I found the new region $S$ to be a triangular region which represented an isosceles triangle with vertices at $(0,0), (0,2) \text{ and } (1,1)$. The variable transformation also meant that $ x = \frac{1}{2}(v+u)$ and $y = \frac{1}{2}(v-u)$. I know that $$\int\int f(x,y) \text{dydx}$$ over a region $R$ also equals to $$\int\int f(x(u,v), y(u,v))\begin{vmatrix} \frac{\partial x}{\partial u} & \frac{\partial y}{\partial u} \\ \frac{\partial x}{\partial v} & \frac{\partial y}{\partial v} \\\end{vmatrix}\text{dvdu}$$ over a region $S$.
By substituting in all the equations, I got: $$\int _0 ^1 \int _u ^{-u+2} \frac{1}{2}\cos\left(\frac{u}v{}\right)\text{dvdu}$$ I changed the order of integration and got: $$\int _0 ^2 \int _v ^{2-v} \frac{1}{2}\cos\left(\frac{u}v{}\right)\text{dudv}$$ which equals: $$\frac{1}{2} \times \int _0 ^2 v(\sin \left(\frac{2-v}{v}\right) - \sin (1))\text{dv}$$ which I don't know how to simplify any further but I'm sure there is a rational answer.
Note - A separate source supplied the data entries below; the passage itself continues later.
Lemma prime_ann : prime_in (@sall S) (ann c B).
Proof.
split; first exact: ideal_ann.
  move=> ann_all; have /eqP := ann_all 1 Logic.I 0%N B0.
  by rewrite rmorph1 /spec_col vcol1 map_polyXn expr0 oner_eq0.
move=> I J I_ideal J_ideal IJ_ann.
case: (pselect (ssub J (ann c B))) => [|/existsNP [b /not_implyP [Jb]]]; first by right.
move=> /existsNP [j0 /not_implyP [Bj0 /eqP b_j0]]; left => a Ia j Bj.
have [s [t [g g_neq0 sbt_Xj]]] := sandwich_Xn Bj0 Bj b_j0.
have J_sbt : J (s * b * t).
  case: J_ideal => _ _ _ J_mul; have [J_sb _] := J_mul s b Logic.I Jb.
  by have [_] := J_mul t _ Logic.I J_sb.
have /eqP := IJ_ann a _ Ia J_sbt j Bj.
rewrite rmorphM spec_colM -vactXn sbt_Xj linearZ scaler_eq0 (negbTE g_neq0) /=.
by rewrite vactXn => /eqP.
Qed.

End Annihilators.

Section GenSubalg.
Variables (k : fieldType) (S : algType k) (a : S).
Local Notation R := (gen_subalg a).

Lemma gen_subalg0 : R 0. Proof. by exists 0; rewrite raddf0. Qed.
Lemma gen_subalg1 : R 1. Proof. by exists 1; rewrite rmorph1. Qed.
Lemma gen_subalg_gen : R a. Proof. by exists 'X; rewrite horner_algX. Qed.

Lemma gen_subalgX m : R (a ^+ m).
Proof. by exists ('X ^+ m); rewrite rmorphXn /= horner_algX. Qed.

Lemma gen_subalgM x y : R x -> R y -> R (x * y).
Proof. by move=> [p ->] [q ->]; exists (p * q); rewrite rmorphM. Qed.

Lemma gen_subalgB x y : R x -> R y -> R (x - y).
Proof. by move=> [p ->] [q ->]; exists (p - q); rewrite rmorphB. Qed.

Lemma gen_subalg_comm x y : R x -> R y -> x * y = y * x.
Proof. by move=> [p ->] [q ->]; rewrite -!rmorphM mulrC. Qed.

Lemma ideal_gen_subalg_principal y :
  R y -> ideal_in R (fun x => exists r, R r /\ x = r * y).
Proof.
move=> Ry; split.
- by move=> _ [r [Rr ->]]; exact: gen_subalgM.
- by exists 0; split; [exact: gen_subalg0 | rewrite mul0r].
- move=> _ _ [r [Rr ->]] [s [Rs ->]]; exists (r - s).
  by split; [exact: gen_subalgB | rewrite mulrBl].
move=> b _ Rb [r [Rr ->]]; split.
  by exists (b * r); split; [exact: gen_subalgM | rewrite mulrA].
by exists (r * b); split; [exact: gen_subalgM | rewrite -!mulrA (gen_subalg_comm Ry Rb)].
Qed.

Lemma prime_gen_subalg_pow (Q : sset S) m : prime_in R Q -> Q (a ^+ m.+1) -> Q a.
Proof.
move=> Q_prime; elim: m => [|m IHm]; first by rewrite expr1.
case: (Q_prime) => [[_ _ _ Q_mul] _ Q_split] Q_am.
have mem_principal y : R y -> (fun x => exists r, R r /\ x = r * y) y.
  by exists 1; split; [exact: gen_subalg1 | rewrite mul1r].
have := Q_split _ _ (ideal_gen_subalg_principal gen_subalg_gen)
                    (ideal_gen_subalg_principal (gen_subalgX m.+1)).
case=> [_ _ [r [Rr ->]] [s [Rs ->]]| /(_ a) | /(_ (a ^+ m.+1)) ].
- rewrite -mulrA (mulrA a) (gen_subalg_comm gen_subalg_gen Rs) -mulrA -exprS mulrA.
  exact: (proj1 (Q_mul _ _ (gen_subalgM Rr Rs) Q_am)).
- by apply; apply: mem_principal; exact: gen_subalg_gen.
- by move=> Q_am1; apply: IHm; apply: Q_am1; apply: mem_principal; exact: gen_subalgX.
Qed.

End GenSubalg.

Section Sl2Spectrum.
Variables (k : fieldType) (S : algType k) (E F : S) (phi : {lrmorphism S -> vop k}).
Hypotheses (phiE : phi E = opE k) (phiF : phi F = opF k) (k_char0 : [pchar k] =i pred0).

Local Notation R := (gen_subalg E).
Local Notation I := (fun x => exists r, R r /\ x = r * E).
Local Notation ann := (ann phi).
(* Q annihilates the simple Verma module M(-1), P n the simple module L(n)
   of dimension n + 1. *)
Local Notation Q := (ann (-1) predT).
Local Notation P n := (ann n%:R (fun j => (j <= n)%N)).

Lemma prime_Q : prime_in (@sall S) Q.
Proof.
apply: (prime_ann phiE phiF k_char0) => // q _.
by rewrite -opprD oppr_eq0 nat1r natf_neq0.
Qed.

Lemma prime_P n : prime_in (@sall S) (P n).
Proof.
apply: (prime_ann phiE phiF k_char0) => //.
- by move=> i j le_jn le_ij; exact: leq_trans le_ij le_jn.
- by move=> M j i le_jn lt_ni; rewrite spec_col_coef vcolP // ltnNge.
- by move=> q lt_qn; rewrite -natrB ?(ltnW lt_qn) // natf_neq0 // subn_eq0 -ltnNge.
Qed.

Lemma P_Epow n : P n (E ^+ n.+1).
Proof. by move=> j le_jn; rewrite -vactXn vact_phiEn // ffact_small ?scale0r. Qed.

Lemma vact_horner_alg c p v :
  vact c (phi (horner_alg E p)) v = \sum_(i < size p) p`_i *: vact c (phi (E ^+ i)) v.
Proof.
rewrite -[p in horner_alg _ p]coefK poly_def rmorph_sum rmorph_sum vact_sum /=.
apply: eq_bigr => i _; rewrite -mul_polyC rmorphM /= horner_algC rmorphXn /=.
by rewrite horner_algX mulr_algl linearZ vactZ.
Qed.

Lemma ann_horner_alg_eq0 c p : ann c predT (horner_alg E p) -> p = 0.
Proof.
move=> p_ann; apply/eqP; apply: contraT => p_neq0; move: (p_ann (size p).-1 isT).
rewrite -vactXn vact_horner_alg => /(congr1 (fun w : {poly k} => w`_0)).
have sz_p : size p = ((size p).-1).+1 by rewrite prednK // size_poly_gt0.
rewrite coef_sum coef0 sz_p big_ord_recr /= big1 => [|i _]; last first.
  by rewrite vact_phiEn // !coefZ coefXn eq_sym subn_eq0 leqNgt ltn_ord !mulr0.
rewrite add0r vact_phiEn // ffactnn subnn !coefZ coefXn eqxx mulr1 => /eqP.
by rewrite mulf_eq0 (negbTE (fact_neq0 k_char0 _)) orbF -lead_coefE lead_coef_eq0 (negbTE p_neq0).
Qed.

Lemma horner_alg_eq0 p : horner_alg E p = 0 -> p = 0.
Proof.
by move=> p0; apply: (ann_horner_alg_eq0 (c := 0)); rewrite p0 => j _; rewrite rmorph0 spec_col0.
Qed.

Lemma E_neq0 : E <> 0.
Proof.
move=> E0; have /eqP : ('X : {poly k}) = 0 by apply: horner_alg_eq0; rewrite horner_algX.
by rewrite polyX_eq0.
Qed.

Lemma gen_subalg_mul_eq0 x y : R x -> R y -> x * y = 0 -> x = 0 \/ y = 0.
Proof.
move=> [p ->] [q ->]; rewrite -rmorphM => /horner_alg_eq0 /eqP.
by rewrite mulf_eq0 => /orP [] /eqP ->; [left | right]; rewrite rmorph0.
Qed.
Can anyone help me with this problem?
Your bounds of integration are incorrect. Using the transformation, we have $(0,0)\to (0,0)$, $(0,1)\to (-1,1)$, $(1,0)\to (1,1)$. This is the region $-1\le u\le 1,|u|\le v\le 1$; since your substitution is linear, it is determined by three points. The Jacobian determinant is correct, as is the new integrand. So we have $$ I=\int_{-1}^{1} \int_{|u|}^1\cos\left(\frac{u}{v}\right) \cdot \frac{1}{2}\;dvdu $$Now change the order of integration and integrate: $$ I=\frac{1}{2}\int_{0}^{1} \int_{-v}^v\cos\left(\frac{u}{v}\right) \;dudv =\int_{0}^{1} v\sin\left(1\right) \;dv=\frac{\sin(1)}{2} $$